When discussing Nicki Minaj’s most memorable appearances, Young money’s “Bed Rock” posse cut goes sadly untouched for the most part. The track was essentially the star’s introduction to the mainstream with her verse serving as the first coming of “Monster.” It was something of a sticky interlude that gave female listeners something to work on memorizing and certainly marks a considerable milestone for the superstar we have today.
“Trini Dem Girls”
“Yo, he in love with a ghetto girl/ He said he want a piece like Metta World/ Pat, pat on the kitty cat/ He don’t mess with them…regulars.”
“Trini Dem Girls” serves as one of the best displays of Nicki’s vacillation between talent-laden bars and nonsensical rhymes. It’s a satisfying nod to her heritage, and effectively underscored her assertion to appeal to global audiences at all costs, as she flips Caribbean dances into punchlines, and sexual references into clever puns.
“Tom-Toms like in Lebanon, hotter than in Pakistan/ Click click click, Young Nick’, the atomic bomb.”
When it got here, Nicki’s “Massive Attack” was the emcee’s first official commercial single, tapping into the talents of Sean Garrett — who was particularly in his prime at the time — to effectively introducing the rapper to the rest of the world. The song ultimately flopped at the time, but serves of a memorable offering, as it marked the first major deviation in Nicki’s persona up until that point. Her delivery was particularly eclectic and laid the foundation for an alter ego that would receive mounts of refinement before reaching the perfected persona we see today.
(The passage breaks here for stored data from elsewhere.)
(* Let $(N,M,W,C,P,\overline{Q})$ be an MRS-situation and $(N,M,v)$ its MRS-game. Then: (i) $v(R,S)>0$ for all coalitions $\emptyset\ne R\subseteq N$ and $S\subseteq M$; (ii) $v(R,S)+v(F,T)\le v(R\cup F,S\cup T)$ for all $R,F\subseteq N$ and $S,T\subseteq M$ with $R\cap F=\emptyset$ and $S\cap T=\emptyset$; (iii) $v(R,S)\le v(F,T)$ for all $R\subseteq F\subseteq N$ and $S\subseteq T\subseteq M$.
   Context: An MRS-situation $(N,M,W,C,P,\overline{Q})$ consists of a finite set $N$ of retailers and a finite set $M$ of suppliers (distinct agents), and: for each $j\in M$ a unit production cost $c_j:[0,\infty)\to(0,\infty)$, decreasing and continuous with $c_j(q)q$ nondecreasing, and a wholesale price $w_j:[0,\infty)\to(0,\infty)$, nonincreasing and continuous, with $w_j(q)>c_j(q)$ for all $q\ge0$ and $w_j(q)q$ nondecreasing; for each $i\in N$ a selling price $p_i:[0,\infty)\to\mathbb{R}$, nonincreasing and continuous, with $p_i(0)>w_j(0)$ for all $j$, and $q_i^*>0$ with $p_i(q_i^* )=0$; and capacities $\overline{q}_{ij}\in(0,\infty)$. For an order matrix $q=(q_{ij})_{i\in R,j\in M}\ge0$: $q_{Rj}=\sum_{i\in R}q_{ij}$, $q_{iM}=\sum_{j}q_{ij}$, $q_{RS}=\sum_{j\in S}\sum_{i\in R}q_{ij}$, $q_i=(q_{ij})_j$, $q_R=(q_{Rj})_j$; $c_S(x)=\min_{j\in S}c_j(x)$. For $i\in R$: $\Pi_i(q_i,\Psi^S(q_R))=p_i(q_{iM})q_{iM}-\sum_{j\in S}c_S(q_{RS})q_{ij}-\sum_{j\in M\setminus S}w_j(q_{Rj})q_{ij}$. $\mathbb{Q}^R=\{q\in\mathbb{R}_+^{R\times M}: q_{iM}\le q_i^*,\ q_{ij}\le\overline{q}_{ij}\}$; $q^{(R,S)}$ is an optimal solution of $\max\{\sum_{i\in R}\Pi_i(q_i,\Psi^S(q_R)):q\in\mathbb{Q}^R\}$. The MRS-game is the TU-game on player set $N\cup M$ where coalition $R\cup S$ ($R\subseteq N$, $S\subseteq M$) has value $v(R,S)=\sum_{i\in R}\Pi_i(q_i^{(R,S)},\Psi^S(q_R^{(R,S)}))$ (the optimal value of that problem), and $v(\emptyset,S)=0$ for all $S\subseteq M$. *)

From HB Require Import structures.
From mathcomp Require Import all_boot all_order all_algebra.
From mathcomp Require Import all_classical all_reals all_analysis.
Set Implicit Arguments. Unset Strict Implicit. Unset Printing Implicit Defensive.
Import Order.TTheory GRing.Theory Num.Theory.
Import numFieldNormedType.Exports.
Local Open Scope classical_set_scope.
Local Open Scope ring_scope.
“I’m a Republican voting for Mitt Romney/ You lazy bitches is fucking up the economy/ Out in Miami I be chilling with a zombie/ Diablo Alejandro dimelo Gandhi.”
As was the norm for Nicki during the era, she hopped on Lil Wayne’s Dedication 4 and delivered what is arguably one of the more memorable verses presented on the effort. With her featured spot, the emcee managed to enrobe herself in a small degree of politics, fanning flames when she elaborately dished out a metaphor while calling out the fact that she made more than the average American.
“Did It On Em”
“All these bitches is my sons (my sons)/ And I’mma go and get some bibs for ’em/ A couple formulas, little pretty lids on ’em.”
“Did it On Em” marks another early standout from Nicki in which she swapped out an overzealous flow for a plain and simple one, as a reminder that she packs a heavy pen game no matter what beat she’s on. The beauty of this track was that it memorably marked the beginning of Nick’s “sons” insult, and proved just how confined a younger Nicki was in her early stake in the game, while not shying away from claiming the throne. Such a level of comfort in essentially challenging every female — and male — rapper in the game at that point seems like much more of a telling sign in hindsight and issued the nascence of one of rap’s most notable reigns.